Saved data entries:
(* Property (ii) of a forbidding path, cut just before its last step: the
   interior is rearranged in at most seven moves with the ends fixed, after
   which the new end colors are compatible with it. *)
Lemma forbidding_prepare Lp a b g x y :
  forbidding Lp a b -> is_Lcol padj Lp g ->
  x \in Lp pu -> y \in Lp pv -> (x <> a \/ y <> b) -> (x = g pu \/ y = g pv) ->
  exists2 h, reach padj Lp (fun c => c pu = g pu /\ c pv = g pv) 7 g h
           & is_Lcol padj Lp (set_ends h x y).
Proof.
move=> [_ Fii] Lg Hx Hy Had Hor.
have [m [s [[Ls Ss] Hs0 [Hxm Hym] Hend Honce]]] := Fii g x y Lg Hx Hy Had Hor.
have s0 : s 0 = g by apply: functional_extensionality.
have ends_fixed i : i <= m.-1 -> s i pu = g pu /\ s i pv = g pv.
  case: (posnP m) => [m0|m_gt0] Hi; last by apply: Hend; lia.
  by move: Hi; rewrite m0 leqn0 => /eqP ->; rewrite s0.
have R : reach padj Lp (fun c => c pu = g pu /\ c pv = g pv) #|'I_7| (s 0) (s m.-1).
  apply: reach_recolor_once => //.
    by split=> i Hi; [apply: Ls | apply: Ss]; lia.
  move=> i j w Hij Hj Hi Hj'.
  have [Hiu Hiv] := ends_fixed i ltac:(lia).
  have [Hu Hv] := ends_fixed i.+1 ltac:(lia).
  case: (eqVneq w pu) => [Ew|Nu]; first by apply: Hi; rewrite Ew Hiu Hu.
  case: (eqVneq w pv) => [Ew|Nv]; first by apply: Hi; rewrite Ew Hiv Hv.
  by apply: (Honce w _ _ i j) => //; [apply/eqP | apply/eqP | lia].
exists (s m.-1); first by rewrite card_ord s0 in R.
have : step_ok (s m.-1) (s m).
  case: (posnP m) => [->|m_gt0]; first by left.
  by rewrite -{2}(prednK m_gt0); apply: Ss; lia.
by rewrite -Hxm -Hym; case/set_ends_step => ->; apply: Ls; rewrite ?leq_pred.
Qed.

Definition vtx_eq_dec (n : nat) (o : rel 'I_n) (x y : vtx o) : {x = y} + {x <> y}.
Proof. decide equality; exact: eq_comparable. Defined.

HB.instance Definition _ (n : nat) (o : rel 'I_n) :=
  hasDecEq.Build (vtx o) (compareP (@vtx_eq_dec n o)).

Section Skeleton.
Variables (n : nat) (o : rel 'I_n) (Lint : edge_t o -> 'I_8 -> 'I_5 -> seq nat).
Implicit Types (e : edge_t o) (k : 'I_8) (c g T : vtx o -> nat).

Local Notation Lcol := (is_Lcol (@Gadj n o) (Glist Lint)).
Local Notation reachG := (reach (@Gadj n o) (Glist Lint)).

Definition inner (x : vtx o) : bool := if x is VInt _ _ _ then true else false.

Definition path_col c e k : 'I_7 -> nat := fun i => c (pathv e k i).
Definition path_list e k : 'I_7 -> seq nat := fun i => Glist Lint (pathv e k i).

Definition same_skeleton g c : Prop := forall w, ~~ inner w -> c w = g w.

Lemma inner_pstart e k : inner (pstart e k) = false.
Proof. by rewrite /pstart; case: (nat_of_ord k) => [|[|[|[|[|[|[|?]]]]]]]. Qed.

Lemma inner_pend e k : inner (pend e k) = false.
Proof. by rewrite /pend; case: (nat_of_ord k) => [|[|[|[|[|[|[|?]]]]]]]. Qed.

Lemma pathv_inord e k (j : 'I_5) : pathv e k (inord j.+1) = VInt e k j.
Proof.
have Hj := ltn_ord j.
rewrite /pathv inordK; last by lia.
have -> : (j.+1 == 6) = false by apply/negbTE; rewrite neq_ltn ltnS Hj.
by rewrite /= inord_val.
Qed.

Lemma inner_pathv e k i :
  inner (pathv e k i) = (nat_of_ord i != 0) && (nat_of_ord i != 6).
Proof.
rewrite /pathv; case: eqP => _; first by rewrite inner_pstart.
by case: eqP => _; rewrite ?inner_pend.
Qed.

Lemma pathv_abcd e k i :
  match pathv e k i with VA | VB | VC | VD => False | _ => True end.
Proof.
rewrite /pathv /pstart /pend.
by case: eqP => _; last case: eqP => _ //; case: (nat_of_ord k) => [|[|[|[|[|[|[|?]]]]]]].
Qed.

Definition skeleton_proper c : Prop :=
  [/\ forall x, ~~ inner x -> c x \in Glist Lint x,
      forall e, c (VOrig (sval e).1) <> c (VX e),
      forall e, c (VOrig (sval e).1) <> c (VY e),
      forall e, c (VZ e) <> c VC &
      [&& c VA != c VB, c VA != c VC, c VA != c VD, c VB != c VC & c VB != c VD]].

(* Every edge of G' joins two skeleton vertices or lies on a path. *)
Lemma Lcol_skeleton_paths c :
  Lcol c <-> skeleton_proper c /\ forall e k, is_Lcol padj (path_list e k) (path_col c e k).
Proof.
split.
  move=> [HL HA]; have HA0 x y : adj0 x y -> c x <> c y by move=> H; apply: HA; left.
  split.
    split=> //; try by move=> e; apply: HA0; constructor.
    by rewrite !(introN eqP (HA0 _ _ _)) //; constructor.
  move=> e k; split=> [i|i j [H|H]]; first exact: HL.
    by apply: HA0; apply: adj_path.
  by move=> E; apply: (HA0 _ _ (adj_path e k H)).
move=> [[HL H1 H2 H3 H4] HP]; split.
  case=> [u|e|e|e|e k j| | | |]; try exact: HL.
  by rewrite -(pathv_inord e k j); case: (HP e k) => + _; apply.
have HA0 : forall x y, adj0 x y -> c x <> c y.
  move=> x y; case=> [e|e|e k i j Hij|e| | | | |] //;
    try by apply/eqP; case/and5P: H4.
  exact: (proj2 (HP e k) i j (or_introl Hij)).
by move=> x y [H|H] //; [apply: HA0 | move=> E; apply: (HA0 _ _ H)].
Qed.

Aim of the exercise: The data must be retyped in full, exactly as it reads.

Solution for this exercise:
(* Property (ii) of a forbidding path, cut just before its last step: the
   interior is rearranged in at most seven moves with the ends fixed, after
   which the new end colors are compatible with it. *)
Lemma forbidding_prepare Lp a b g x y :
  forbidding Lp a b -> is_Lcol padj Lp g ->
  x \in Lp pu -> y \in Lp pv -> (x <> a \/ y <> b) -> (x = g pu \/ y = g pv) ->
  exists2 h, reach padj Lp (fun c => c pu = g pu /\ c pv = g pv) 7 g h
           & is_Lcol padj Lp (set_ends h x y).
Proof.
move=> [_ Fii] Lg Hx Hy Had Hor.
have [m [s [[Ls Ss] Hs0 [Hxm Hym] Hend Honce]]] := Fii g x y Lg Hx Hy Had Hor.
have s0 : s 0 = g by apply: functional_extensionality.
have ends_fixed i : i <= m.-1 -> s i pu = g pu /\ s i pv = g pv.
  case: (posnP m) => [m0|m_gt0] Hi; last by apply: Hend; lia.
  by move: Hi; rewrite m0 leqn0 => /eqP ->; rewrite s0.
have R : reach padj Lp (fun c => c pu = g pu /\ c pv = g pv) #|'I_7| (s 0) (s m.-1).
  apply: reach_recolor_once => //.
    by split=> i Hi; [apply: Ls | apply: Ss]; lia.
  move=> i j w Hij Hj Hi Hj'.
  have [Hiu Hiv] := ends_fixed i ltac:(lia).
  have [Hu Hv] := ends_fixed i.+1 ltac:(lia).
  case: (eqVneq w pu) => [Ew|Nu]; first by apply: Hi; rewrite Ew Hiu Hu.
  case: (eqVneq w pv) => [Ew|Nv]; first by apply: Hi; rewrite Ew Hiv Hv.
  by apply: (Honce w _ _ i j) => //; [apply/eqP | apply/eqP | lia].
exists (s m.-1); first by rewrite card_ord s0 in R.
have : step_ok (s m.-1) (s m).
  case: (posnP m) => [->|m_gt0]; first by left.
  by rewrite -{2}(prednK m_gt0); apply: Ss; lia.
by rewrite -Hxm -Hym; case/set_ends_step => ->; apply: Ls; rewrite ?leq_pred.
Qed.

Definition vtx_eq_dec (n : nat) (o : rel 'I_n) (x y : vtx o) : {x = y} + {x <> y}.
Proof. decide equality; exact: eq_comparable. Defined.

HB.instance Definition _ (n : nat) (o : rel 'I_n) :=
  hasDecEq.Build (vtx o) (compareP (@vtx_eq_dec n o)).

Section Skeleton.
Variables (n : nat) (o : rel 'I_n) (Lint : edge_t o -> 'I_8 -> 'I_5 -> seq nat).
Implicit Types (e : edge_t o) (k : 'I_8) (c g T : vtx o -> nat).

Local Notation Lcol := (is_Lcol (@Gadj n o) (Glist Lint)).
Local Notation reachG := (reach (@Gadj n o) (Glist Lint)).

Definition inner (x : vtx o) : bool := if x is VInt _ _ _ then true else false.

Definition path_col c e k : 'I_7 -> nat := fun i => c (pathv e k i).
Definition path_list e k : 'I_7 -> seq nat := fun i => Glist Lint (pathv e k i).

Definition same_skeleton g c : Prop := forall w, ~~ inner w -> c w = g w.

Lemma inner_pstart e k : inner (pstart e k) = false.
Proof. by rewrite /pstart; case: (nat_of_ord k) => [|[|[|[|[|[|[|?]]]]]]]. Qed.

Lemma inner_pend e k : inner (pend e k) = false.
Proof. by rewrite /pend; case: (nat_of_ord k) => [|[|[|[|[|[|[|?]]]]]]]. Qed.

Lemma pathv_inord e k (j : 'I_5) : pathv e k (inord j.+1) = VInt e k j.
Proof.
have Hj := ltn_ord j.
rewrite /pathv inordK; last by lia.
have -> : (j.+1 == 6) = false by apply/negbTE; rewrite neq_ltn ltnS Hj.
by rewrite /= inord_val.
Qed.

Lemma inner_pathv e k i :
  inner (pathv e k i) = (nat_of_ord i != 0) && (nat_of_ord i != 6).
Proof.
rewrite /pathv; case: eqP => _; first by rewrite inner_pstart.
by case: eqP => _; rewrite ?inner_pend.
Qed.

Lemma pathv_abcd e k i :
  match pathv e k i with VA | VB | VC | VD => False | _ => True end.
Proof.
rewrite /pathv /pstart /pend.
by case: eqP => _; last case: eqP => _ //; case: (nat_of_ord k) => [|[|[|[|[|[|[|?]]]]]]].
Qed.

Definition skeleton_proper c : Prop :=
  [/\ forall x, ~~ inner x -> c x \in Glist Lint x,
      forall e, c (VOrig (sval e).1) <> c (VX e),
      forall e, c (VOrig (sval e).1) <> c (VY e),
      forall e, c (VZ e) <> c VC &
      [&& c VA != c VB, c VA != c VC, c VA != c VD, c VB != c VC & c VB != c VD]].

(* Every edge of G' joins two skeleton vertices or lies on a path. *)
Lemma Lcol_skeleton_paths c :
  Lcol c <-> skeleton_proper c /\ forall e k, is_Lcol padj (path_list e k) (path_col c e k).
Proof.
split.
  move=> [HL HA]; have HA0 x y : adj0 x y -> c x <> c y by move=> H; apply: HA; left.
  split.
    split=> //; try by move=> e; apply: HA0; constructor.
    by rewrite !(introN eqP (HA0 _ _ _)) //; constructor.
  move=> e k; split=> [i|i j [H|H]]; first exact: HL.
    by apply: HA0; apply: adj_path.
  by move=> E; apply: (HA0 _ _ (adj_path e k H)).
move=> [[HL H1 H2 H3 H4] HP]; split.
  case=> [u|e|e|e|e k j| | | |]; try exact: HL.
  by rewrite -(pathv_inord e k j); case: (HP e k) => + _; apply.
have HA0 : forall x y, adj0 x y -> c x <> c y.
  move=> x y; case=> [e|e|e k i j Hij|e| | | | |] //;
    try by apply/eqP; case/and5P: H4.
  exact: (proj2 (HP e k) i j (or_introl Hij)).
by move=> x y [H|H] //; [apply: HA0 | move=> E; apply: (HA0 _ _ H)].
Qed.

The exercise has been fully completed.